I got the carbs synched, well I hope I did. One of the throttle lower cables is marginally too short compared to the other two and I had to bottom everything out to get it closed enough, to what I hope is a decent idle. I could not get cable slack in that one, the other two are adjusted up about 6mm to match. Have the 1 into 4 housing mounted with a rubber lined P clamp onto a coil mount. Put the chain on, a 120 link is JUST long enough to reach on an H2B/C, with a 16 front sprocket. Torqued the front sprocket on with blue Loctite to 80 ft/ lbs.

Author:  DGA [ Sun May 07, 2017 8:30 pm ]
Post subject:  Re: World traveler H2B rebuild

I modified the crankcase oil banjo bolts. My 1 into 3 H2B oil line has dead check valves; the balls are stuck open or more likely, the springs are dead. I tried everything to disassemble them and no luck, and I'm not willing to destroy the line. So I drilled the brass jets out of the bottom of the bolts, tapped the end 5 x .8mm and put the check balls and springs in there. A #30 small round head Mikuni jet has the same .020" orfice size, and is small enough to pass inside the 8mm thread.

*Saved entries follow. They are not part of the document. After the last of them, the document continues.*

(* Let $\tau\ge1$ be an integer and $H=(\mathcal{V},\mathcal{E})$ a hypergraph. Then $H$ is inherently $\tau$-connected if and only if, for every strict total order $\prec$ on $\mathcal{V}$, the multigraph $G_{H,\prec}$ contains $\tau$ edge-disjoint spanning trees.
   Context: Hypergraphs may have repeated hyperedges; each hyperedge is a nonempty subset of $\mathcal{V}$. A multigraph $G=(\mathcal{V},\mathcal{E}_M)$ is induced by $H$ if its edge multiset decomposes as a disjoint union of edge sets of simple graphs $G_e=(e,E_e)$, $e\in\mathcal{E}$, each $G_e$ a connected simple graph on vertex set $e$. $H$ is inherently $\tau$-connected if every multigraph induced by $H$ contains at least $\tau$ edge-disjoint spanning trees. For a strict total order $\prec$ on $\mathcal{V}$, $G_{H,\prec}$ is the induced multigraph in which, for each hyperedge $e=\{v_{i_1},\dots,v_{i_k}\}$ listed so that $v_{i_1}\prec\cdots\prec v_{i_k}$, $G_e$ is the path with edges $\{v_{i_1},v_{i_2}\},\{v_{i_2},v_{i_3}\},\dots,\{v_{i_{k-1}},v_{i_k}\}$. *)

From mathcomp Require Import all_boot.
Set Implicit Arguments. Unset Strict Implicit. Unset Printing Implicit Defensive.

Section HyperDefs.
Variable V : finType.

(* An (undirected, loopless) edge is a 2-element subset of V.
   A multigraph on V is a finite multiset (seq) of edges.
   A hypergraph on V is a seq of hyperedges (repetitions allowed). *)
Definition is_edge (f : {set V}) : bool := #|f| == 2.

Definition gadj (E : seq {set V}) : rel V :=
  fun x y => (x != y) && ([set x; y] \in E).

Definition connected_on (S : {set V}) (E : seq {set V}) : Prop :=
  forall x y, x \in S -> y \in S -> connect (gadj E) x y.

Definition spanning_tree (T : seq {set V}) : Prop :=
  [/\ all is_edge T, connected_on setT T &
      forall i, i < size T -> ~ connected_on setT (take i T ++ drop i.+1 T)].

(* G contains tau edge-disjoint spanning trees: tau spanning trees whose
   multiset union is a sub-multiset of the edge multiset of G *)
Definition has_disjoint_spanning_trees (tau : nat) (G : seq {set V}) : Prop :=
  exists Ts : seq (seq {set V}),
    [/\ size Ts = tau, forall T, T \in Ts -> spanning_tree T &
        exists rest, perm_eq G (flatten Ts ++ rest)].

Definition conn_simple_graph_on (e : {set V}) (F : seq {set V}) : Prop :=
  [/\ uniq F, all (fun f => is_edge f && (f \subset e)) F & connected_on e F].

Definition induced_by (E : seq {set V}) (G : seq {set V}) : Prop :=
  exists Es : seq (seq {set V}),
    [/\ size Es = size E,
        forall i, i < size E -> conn_simple_graph_on (nth set0 E i) (nth [::] Es i) &
        perm_eq G (flatten Es)].

Definition inherently_connected (tau : nat) (E : seq {set V}) : Prop :=
  forall G, induced_by E G -> has_disjoint_spanning_trees tau G.

Definition strict_total_order (r : rel V) : Prop :=
  [/\ irreflexive r, transitive r & forall x y, x != y -> r x y || r y x].

Definition path_edges (s : seq V) : seq {set V} :=
  [seq [set p.1; p.2] | p <- zip s (behead s)].

Definition G_order (E : seq {set V}) (r : rel V) : seq {set V} :=
  flatten [seq path_edges (sort r (enum e)) | e : {set V} <- E].

End HyperDefs.

(* G_{H,<} is itself induced by H, which gives one direction. Conversely, let G
   be induced by H and colour as many edges of G as possible with tau colours so
   that every colour class is a forest. If all classes are connected they are
   tau edge-disjoint spanning trees. Otherwise call an edge free when it is
   uncoloured in some colouring reached by exchanges (colour an uncoloured edge,
   uncolour an edge of the same class lying on the cycle this creates). As in
   the Nash-Williams--Tutte argument, every colour class restricted to the free
   edges spans the components of the free graph B, and counting edges gives
   tau * c(B) > #(edges of G between components of B) + tau. Now order the
   vertices component by component of B: the path of each hyperedge in G_{H,<}
   then has no more crossing edges than any connected graph on that hyperedge,
   while each of the tau spanning trees of G_{H,<} needs c(B) - 1 crossing
   edges, a contradiction. *)

From mathcomp Require Import all_boot zify.
From Stdlib Require Import ClassicalEpsilon.
Set Implicit Arguments. Unset Strict Implicit. Unset Printing Implicit Defensive.

Local Notation gconn L := (connect (gadj L)).

Definition pbool (P : Prop) : bool := if excluded_middle_informative P then true else false.

Lemma pboolP (P : Prop) : reflect P (pbool P).
Proof. by rewrite /pbool; case: excluded_middle_informative => h; constructor. Qed.

Lemma ex_maximizer (T : finType) (P : T -> Prop) (f : T -> nat) x0 :
  P x0 -> exists2 x, P x & forall y, P y -> f y <= f x.
Proof.
move=> /pboolP P0; case: (@arg_maxnP _ x0 (fun x => pbool (P x)) f P0) => x /pboolP Px xmax.
by exists x => // y /pboolP /xmax.
Qed.

Lemma connect_invariant (T : finType) (e : rel T) (Q : T -> Prop) x y :
  Q x -> (forall z t, Q z -> e z t -> Q t) -> connect e x y -> Q y.
Proof.
move=> Qx hQ /connectP[p + ->]; elim: p x Qx => //= z p IH x Qx /andP[exz pz].
exact: IH (hQ _ _ Qx exz) pz.
Qed.

Section Components.
Variable V : finType.
Implicit Types (L M : seq {set V}) (x y u v : V).

Lemma set2_inj x y u v : [set x; y] = [set u; v] ->
  (x = u /\ y = v) \/ (x = v /\ y = u).
Proof.
move=> e.
have hx : x \in [set u; v] by rewrite -e !inE eqxx.
have hu : u \in [set x; y] by rewrite e !inE eqxx.
have hv : v \in [set x; y] by rewrite e !inE eqxx orbT.
move: hx hu hv; rewrite !inE => /orP[]/eqP -> /orP[]/eqP hu /orP[]/eqP hv; subst; auto.
- have : y \in [set u; u] by rewrite -e !inE eqxx orbT.
  by rewrite !inE orbb => /eqP ->; auto.
- have : y \in [set v; v] by rewrite -e !inE eqxx orbT.
  by rewrite !inE orbb => /eqP ->; auto.
Qed.

Lemma gconn_sym L : connect_sym (gadj L).
Proof. by apply: sym_connect_sym => x y; rewrite /gadj eq_sym setUC. Qed.

Lemma gconn_edge L x y : x != y -> [set x; y] \in L -> gconn L x y.
Proof. by move=> nxy h; apply: connect1; rewrite /gadj nxy h. Qed.

Lemma sub_gconn L M : {subset L <= M} -> forall x y, gconn L x y -> gconn M x y.
Proof.
move=> sLM; apply: connect_sub => x y /andP[nxy h].
by apply: gconn_edge => //; apply: sLM.
Qed.

Lemma gconn_cons L u v x y : u != v -> gconn ([set u; v] :: L) x y ->
  [\/ gconn L x y, gconn L x u /\ gconn L v y | gconn L x v /\ gconn L u y].
Proof.
move=> nuv; apply: (connect_invariant (Q := fun y =>
  [\/ gconn L x y, gconn L x u /\ gconn L v y | gconn L x v /\ gconn L u y])).
  by apply: Or31; exact: connect0.
move=> z t Qz /andP[nzt]; rewrite inE => /orP[/eqP e|hL].
  have [[? ?]|[? ?]] := set2_inj e; subst z t.
    by case: Qz => [h|[h _]|[h _]]; [apply: Or32 | apply: Or32 | apply: Or31].
  by case: Qz => [h|[h _]|[h _]]; [apply: Or33 | apply: Or31 | apply: Or33].
have et : gconn L z t by apply: gconn_edge.
by case: Qz => [h|[h1 h2]|[h1 h2]];
  [apply: Or31 | apply: Or32 | apply: Or33]; rewrite ?(connect_trans _ et).
Qed.

Lemma gconn_nil x y : gconn [::] x y -> x = y.
Proof. by move/connectP => [[|z p] //= /andP[]]; rewrite /gadj in_nil andbF. Qed.

Definition comps (R : rel V) : {set {set V}} := [set [set y | R x y] | x in V].
Definition ncomp L := #|comps (gconn L)|.

Lemma eq_ncomp L M : gconn L =2 gconn M -> ncomp L = ncomp M.
Proof.
move=> e; rewrite /ncomp /comps (eq_imset _ (_ : _ =1 fun x => [set y | gconn M x y])) //.
by move=> x; apply/setP => y; rewrite !inE e.
Qed.

Lemma comp_eq L x y : gconn L x y -> [set z | gconn L x z] = [set z | gconn L y z].
Proof.
move=> hxy; apply/setP => z; rewrite !inE; apply/idP/idP; last exact: connect_trans.
by rewrite gconn_sym in hxy; apply: connect_trans.
Qed.

Definition saturate L (C : {set V}) : {set V} := [set y | [exists x in C, gconn L x y]].

Lemma saturate_comp L M x : (forall a b, gconn M a b -> gconn L a b) ->
  saturate L [set y | gconn M x y] = [set y | gconn L x y].
Proof.
move=> sub; apply/setP => y; rewrite !inE; apply/existsP/idP.
  by case=> z /andP[]; rewrite inE => /sub; apply: connect_trans.
by move=> h; exists x; rewrite inE connect0.
Qed.

Lemma comps_saturate L M : (forall a b, gconn M a b -> gconn L a b) ->
  comps (gconn L) = saturate L @: comps (gconn M).
Proof.
move=> sub; rewrite /comps -imset_comp; apply: eq_imset => x /=.
by rewrite saturate_comp.
Qed.

Lemma leq_ncomp L M : (forall a b, gconn M a b -> gconn L a b) -> ncomp L <= ncomp M.
Proof. by move=> sub; rewrite /ncomp (comps_saturate sub) leq_imset_card. Qed.

Lemma ncomp_bridge L u v : u != v -> ~~ gconn L u v ->
  ncomp ([set u; v] :: L) + 1 = ncomp L.
Proof.
move=> nuv nc; set M := [set u; v] :: L.
have sub : forall a b, gconn L a b -> gconn M a b.
  by apply: sub_gconn => z; rewrite inE orbC => ->.
have hMuv : gconn M u v by apply: gconn_edge => //; rewrite !inE eqxx.
set Cv := [set y | gconn L v y].
have nCuv : [set y | gconn L u y] != Cv.
  apply: contra nc => /eqP/setP/(_ u); rewrite !inE connect0 => /esym.
  by rewrite gconn_sym.
have cM : comps (gconn M) = saturate M @: (comps (gconn L) :\ Cv).
  apply/eqP; rewrite eqEsubset; apply/andP; split; last first.
    by rewrite (comps_saturate sub) imsetS ?subD1set.
  apply/subsetP => _ /imsetP[x _ ->]; apply/imsetP.
  have [hvx|hvx] := boolP (gconn L v x).
    exists [set y | gconn L u y]; first by rewrite !inE nCuv imset_f.
    rewrite saturate_comp //; apply/esym/comp_eq.
    exact: connect_trans hMuv (sub _ _ hvx).
  exists [set y | gconn L x y]; last by rewrite saturate_comp.
  rewrite !inE imset_f // andbT; apply: contra hvx => /eqP/setP/(_ x).
  by rewrite !inE connect0.
rewrite /ncomp cM card_in_imset; last first.
  move=> C1 C2 /setD1P[n1 /imsetP[a _ eC1]] /setD1P[n2 /imsetP[b _ eC2]]; subst C1 C2.
  rewrite !saturate_comp // => /setP/(_ b); rewrite !inE connect0.
  case/(gconn_cons nuv) => [h|[_ h]|[h _]].
  - by rewrite (comp_eq h).
  - by move: n2; rewrite -(comp_eq h) eqxx.
  - by move: n1; rewrite (comp_eq h) eqxx.
by rewrite [in RHS](cardsD1 Cv) imset_f // addnC.
Qed.

Lemma ncomp_cons_conn L u v : gconn L u v -> ncomp ([set u; v] :: L) = ncomp L.
Proof.
move=> huv; apply: eq_ncomp => a b; apply/idP/idP; last first.
  by apply: sub_gconn => z; rewrite inE orbC => ->.
apply: (connect_invariant (Q := gconn L a)) => [|z t hz /andP[nzt]]; first exact: connect0.
rewrite inE => /orP[/eqP e|h]; last exact: connect_trans hz (gconn_edge nzt h).
have [[? ?]|[? ?]] := set2_inj e; subst z t; first exact: connect_trans hz huv.
by rewrite gconn_sym in huv; apply: connect_trans hz huv.
Qed.

Lemma ncomp_cons L f : ncomp L <= ncomp (f :: L) + 1.
Proof.
have [/existsP[u /existsP[v /andP[nuv /eqP ->]]]|] :=
  boolP [exists u, exists v, (u != v) && (f == [set u; v])].
  have [h|h] := boolP (gconn L u v); first by rewrite ncomp_cons_conn ?leq_addr.
  by rewrite ncomp_bridge.
move=> nf; rewrite (@eq_ncomp (f :: L) L) ?leq_addr //.
apply: eq_connect => x y; rewrite /gadj inE; case: (x =P y) => //= /eqP nxy.
suff -> : ([set x; y] == f) = false by [].
by apply: contraNF nf => /eqP <-; apply/existsP; exists x; apply/existsP; exists y; rewrite nxy eqxx.
Qed.

Lemma ncomp_cat M L : ncomp L <= ncomp (M ++ L) + size M.
Proof. by elim: M => [|f M IH] /=; [rewrite addn0 | have := ncomp_cons (M ++ L) f; lia]. Qed.

Lemma ncomp_le1 L : (forall x y, gconn L x y) -> ncomp L <= 1.
Proof.
move=> h; apply/card_le1_eqP => _ _ /imsetP[a _ ->] /imsetP[b _ ->].
exact: comp_eq.
Qed.

Lemma ncomp_gt0 L (x : V) : 0 < ncomp L.
Proof. by rewrite card_gt0; apply/set0Pn; exists [set y | gconn L x y]; apply: imset_f. Qed.

Lemma ncomp_ge2 L x y : ~~ gconn L x y -> 2 <= ncomp L.
Proof.
move=> nxy; rewrite /ncomp (cardsD1 [set z | gconn L x z]) imset_f // ltnS card_gt0.
apply/set0Pn; exists [set z | gconn L y z]; rewrite !inE imset_f // andbT.
by apply: contra nxy => /eqP/setP/(_ y); rewrite !inE connect0 => /esym ->.
Qed.

Lemma ncomp_nil : ncomp [::] = #|V|.
Proof.
rewrite /ncomp /comps (@eq_imset _ _ _ (fun x => [set x])); last first.
  move=> x; apply/setP => y; rewrite !inE.
  by apply/idP/idP => [/gconn_nil ->|/eqP ->]; [|exact: connect0].
by rewrite card_imset //; exact: set1_inj.
Qed.

End Components.

Section SortCoarsening.
Variables (T : Type) (leT k : rel T).
Hypothesis leT_sub : forall x y, leT x y -> k x y.
Hypothesis leT_compl : forall x y, ~~ leT x y -> k y x.

Lemma merge_path_coarse x s1 s2 :
  path k x s1 -> path k x s2 -> path k x (merge leT s1 s2).
Proof.
elim: s1 s2 x => //= x1 s1 IHs1; elim=> //= x2 s2 IHs2 x /andP[k1 p1] /andP[k2 p2].
case: ifP => le12 /=.
  by rewrite k1 /=; apply: IHs1 => //=; rewrite leT_sub.
by rewrite k2 /=; apply: IHs2 => //=; rewrite leT_compl ?le12.
Qed.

These are now serviceable, easily. Note that this won't work on an H2/A that has oil into the carb inlets.
Details on the banjo bolt modifications.
Case banjo bolts
Drill #30, .750” deep
Drill #19, .475” deep
Tap M5x.8mm 3/8” deep for small head round Mikuni jets
Use a #30 jet
Use .156” Stainless balls
.116” x .500” springs
You can put a ball in the hole and give it a light punch with a pin punch to make the seat smooth after drilling.The banjo hole is deep enough for the added length of the jet ok. It does not take much preload on the spring to get 4 psi. I ordered the balls and springs from McMaster.com, I love that place.